◆ WHAT IS REQUIRED
With the line that contains "(forall c, c \in" as the final line, return every line from the start of the data below exactly.

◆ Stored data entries

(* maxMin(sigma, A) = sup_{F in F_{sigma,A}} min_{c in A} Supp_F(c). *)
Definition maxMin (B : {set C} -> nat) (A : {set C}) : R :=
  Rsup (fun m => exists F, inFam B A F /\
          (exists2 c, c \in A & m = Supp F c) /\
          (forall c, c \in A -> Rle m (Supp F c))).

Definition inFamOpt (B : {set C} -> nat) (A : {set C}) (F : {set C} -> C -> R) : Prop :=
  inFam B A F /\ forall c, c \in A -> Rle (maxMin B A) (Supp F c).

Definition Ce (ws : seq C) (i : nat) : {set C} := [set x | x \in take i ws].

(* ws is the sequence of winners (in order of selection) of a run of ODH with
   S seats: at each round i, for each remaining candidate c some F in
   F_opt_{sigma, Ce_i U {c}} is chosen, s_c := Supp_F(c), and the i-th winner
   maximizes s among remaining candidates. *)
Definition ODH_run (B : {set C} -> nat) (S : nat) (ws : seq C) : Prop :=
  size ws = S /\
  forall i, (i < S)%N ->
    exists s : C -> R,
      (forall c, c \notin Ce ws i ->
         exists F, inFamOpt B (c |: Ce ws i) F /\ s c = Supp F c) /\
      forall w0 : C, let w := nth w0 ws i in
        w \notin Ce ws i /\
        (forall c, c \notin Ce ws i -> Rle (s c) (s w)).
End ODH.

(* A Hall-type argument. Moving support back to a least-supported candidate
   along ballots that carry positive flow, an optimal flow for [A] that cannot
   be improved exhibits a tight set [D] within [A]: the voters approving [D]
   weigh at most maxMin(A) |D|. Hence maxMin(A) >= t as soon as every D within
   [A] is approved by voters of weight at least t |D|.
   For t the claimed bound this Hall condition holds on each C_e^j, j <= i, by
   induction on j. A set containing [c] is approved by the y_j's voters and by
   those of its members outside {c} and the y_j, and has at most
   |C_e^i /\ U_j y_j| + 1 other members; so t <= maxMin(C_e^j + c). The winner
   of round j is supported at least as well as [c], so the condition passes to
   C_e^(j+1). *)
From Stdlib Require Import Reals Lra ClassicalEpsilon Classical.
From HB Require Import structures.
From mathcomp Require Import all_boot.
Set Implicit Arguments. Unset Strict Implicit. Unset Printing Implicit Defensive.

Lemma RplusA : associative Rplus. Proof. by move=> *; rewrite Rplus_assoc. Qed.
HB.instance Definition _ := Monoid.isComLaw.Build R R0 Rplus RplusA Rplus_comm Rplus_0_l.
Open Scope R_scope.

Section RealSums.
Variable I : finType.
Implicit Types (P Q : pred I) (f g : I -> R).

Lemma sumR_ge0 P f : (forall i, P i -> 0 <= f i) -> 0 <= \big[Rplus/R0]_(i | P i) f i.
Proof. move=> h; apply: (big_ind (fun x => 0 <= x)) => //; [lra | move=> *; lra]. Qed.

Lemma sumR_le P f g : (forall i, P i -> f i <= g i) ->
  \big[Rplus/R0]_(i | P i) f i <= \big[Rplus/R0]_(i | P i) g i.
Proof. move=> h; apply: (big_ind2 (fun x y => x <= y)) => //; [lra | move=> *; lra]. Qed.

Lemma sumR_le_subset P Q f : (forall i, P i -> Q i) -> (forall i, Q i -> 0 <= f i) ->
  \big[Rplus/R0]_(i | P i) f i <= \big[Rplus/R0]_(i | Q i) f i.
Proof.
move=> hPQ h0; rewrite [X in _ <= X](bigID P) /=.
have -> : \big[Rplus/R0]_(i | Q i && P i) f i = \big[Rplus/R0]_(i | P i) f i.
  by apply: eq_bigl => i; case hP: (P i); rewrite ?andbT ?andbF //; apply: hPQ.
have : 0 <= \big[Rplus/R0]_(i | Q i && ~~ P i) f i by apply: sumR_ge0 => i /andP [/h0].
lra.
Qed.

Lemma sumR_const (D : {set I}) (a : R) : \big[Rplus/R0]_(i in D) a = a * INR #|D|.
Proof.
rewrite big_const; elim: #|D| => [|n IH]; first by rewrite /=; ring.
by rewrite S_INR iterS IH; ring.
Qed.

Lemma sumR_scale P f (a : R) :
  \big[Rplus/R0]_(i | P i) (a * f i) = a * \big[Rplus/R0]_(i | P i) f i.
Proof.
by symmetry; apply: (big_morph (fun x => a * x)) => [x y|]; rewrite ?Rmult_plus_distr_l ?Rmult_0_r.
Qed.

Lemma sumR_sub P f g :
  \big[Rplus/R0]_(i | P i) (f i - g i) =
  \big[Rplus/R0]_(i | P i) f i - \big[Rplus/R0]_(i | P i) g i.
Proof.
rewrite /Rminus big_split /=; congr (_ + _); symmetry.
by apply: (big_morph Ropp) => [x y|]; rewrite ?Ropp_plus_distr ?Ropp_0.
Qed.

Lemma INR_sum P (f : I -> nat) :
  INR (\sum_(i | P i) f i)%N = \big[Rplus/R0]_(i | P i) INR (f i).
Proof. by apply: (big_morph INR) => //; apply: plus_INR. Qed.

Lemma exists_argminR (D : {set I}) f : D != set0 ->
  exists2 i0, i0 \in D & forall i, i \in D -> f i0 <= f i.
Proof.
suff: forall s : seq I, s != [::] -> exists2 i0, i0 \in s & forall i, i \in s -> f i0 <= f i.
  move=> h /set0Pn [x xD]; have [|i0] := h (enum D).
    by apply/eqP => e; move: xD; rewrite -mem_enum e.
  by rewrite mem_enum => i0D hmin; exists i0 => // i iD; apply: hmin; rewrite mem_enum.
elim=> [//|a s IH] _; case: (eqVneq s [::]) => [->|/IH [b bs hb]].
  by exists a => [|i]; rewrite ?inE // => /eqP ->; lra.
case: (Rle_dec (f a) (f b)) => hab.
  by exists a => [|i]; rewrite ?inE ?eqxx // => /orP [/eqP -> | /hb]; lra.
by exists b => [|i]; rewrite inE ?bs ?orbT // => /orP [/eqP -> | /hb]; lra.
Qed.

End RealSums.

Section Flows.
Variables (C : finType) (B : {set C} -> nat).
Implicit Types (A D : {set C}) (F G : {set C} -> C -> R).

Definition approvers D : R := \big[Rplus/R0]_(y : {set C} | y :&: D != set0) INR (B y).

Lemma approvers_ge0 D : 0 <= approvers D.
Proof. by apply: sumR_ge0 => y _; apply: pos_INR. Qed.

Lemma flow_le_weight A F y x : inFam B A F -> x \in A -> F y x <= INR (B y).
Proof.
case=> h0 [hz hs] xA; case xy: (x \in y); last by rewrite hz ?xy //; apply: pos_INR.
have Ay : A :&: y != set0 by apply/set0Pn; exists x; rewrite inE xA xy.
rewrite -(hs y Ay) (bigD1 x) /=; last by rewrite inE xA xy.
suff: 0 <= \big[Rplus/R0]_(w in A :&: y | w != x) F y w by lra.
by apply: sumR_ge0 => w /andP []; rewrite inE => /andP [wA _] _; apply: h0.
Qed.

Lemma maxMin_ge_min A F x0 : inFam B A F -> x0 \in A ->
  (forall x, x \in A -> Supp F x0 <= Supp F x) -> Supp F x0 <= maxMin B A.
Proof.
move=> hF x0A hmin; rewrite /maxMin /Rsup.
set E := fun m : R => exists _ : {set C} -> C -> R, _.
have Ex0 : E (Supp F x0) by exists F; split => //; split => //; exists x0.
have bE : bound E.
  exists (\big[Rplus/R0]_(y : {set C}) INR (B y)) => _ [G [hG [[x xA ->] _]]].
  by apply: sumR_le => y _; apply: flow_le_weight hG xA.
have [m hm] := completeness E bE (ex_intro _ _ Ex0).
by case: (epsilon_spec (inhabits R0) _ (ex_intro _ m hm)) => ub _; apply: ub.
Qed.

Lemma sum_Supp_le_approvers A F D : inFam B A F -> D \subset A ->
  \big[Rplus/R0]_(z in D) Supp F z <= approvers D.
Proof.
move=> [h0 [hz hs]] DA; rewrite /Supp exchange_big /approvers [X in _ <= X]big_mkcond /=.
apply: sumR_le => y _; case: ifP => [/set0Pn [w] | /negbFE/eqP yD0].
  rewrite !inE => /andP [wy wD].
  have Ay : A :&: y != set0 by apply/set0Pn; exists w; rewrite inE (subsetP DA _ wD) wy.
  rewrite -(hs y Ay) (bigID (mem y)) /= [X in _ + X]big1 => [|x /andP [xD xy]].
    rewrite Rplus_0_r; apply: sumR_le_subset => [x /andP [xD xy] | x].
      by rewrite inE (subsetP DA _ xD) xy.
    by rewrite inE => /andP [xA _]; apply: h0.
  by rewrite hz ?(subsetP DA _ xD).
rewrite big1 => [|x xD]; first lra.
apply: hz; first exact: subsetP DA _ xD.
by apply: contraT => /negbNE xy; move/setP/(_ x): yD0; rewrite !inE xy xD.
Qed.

◆ RESPONSE
(* maxMin(sigma, A) = sup_{F in F_{sigma,A}} min_{c in A} Supp_F(c). *)
Definition maxMin (B : {set C} -> nat) (A : {set C}) : R :=
  Rsup (fun m => exists F, inFam B A F /\
          (exists2 c, c \in A & m = Supp F c) /\
          (forall c, c \in A -> Rle m (Supp F c))).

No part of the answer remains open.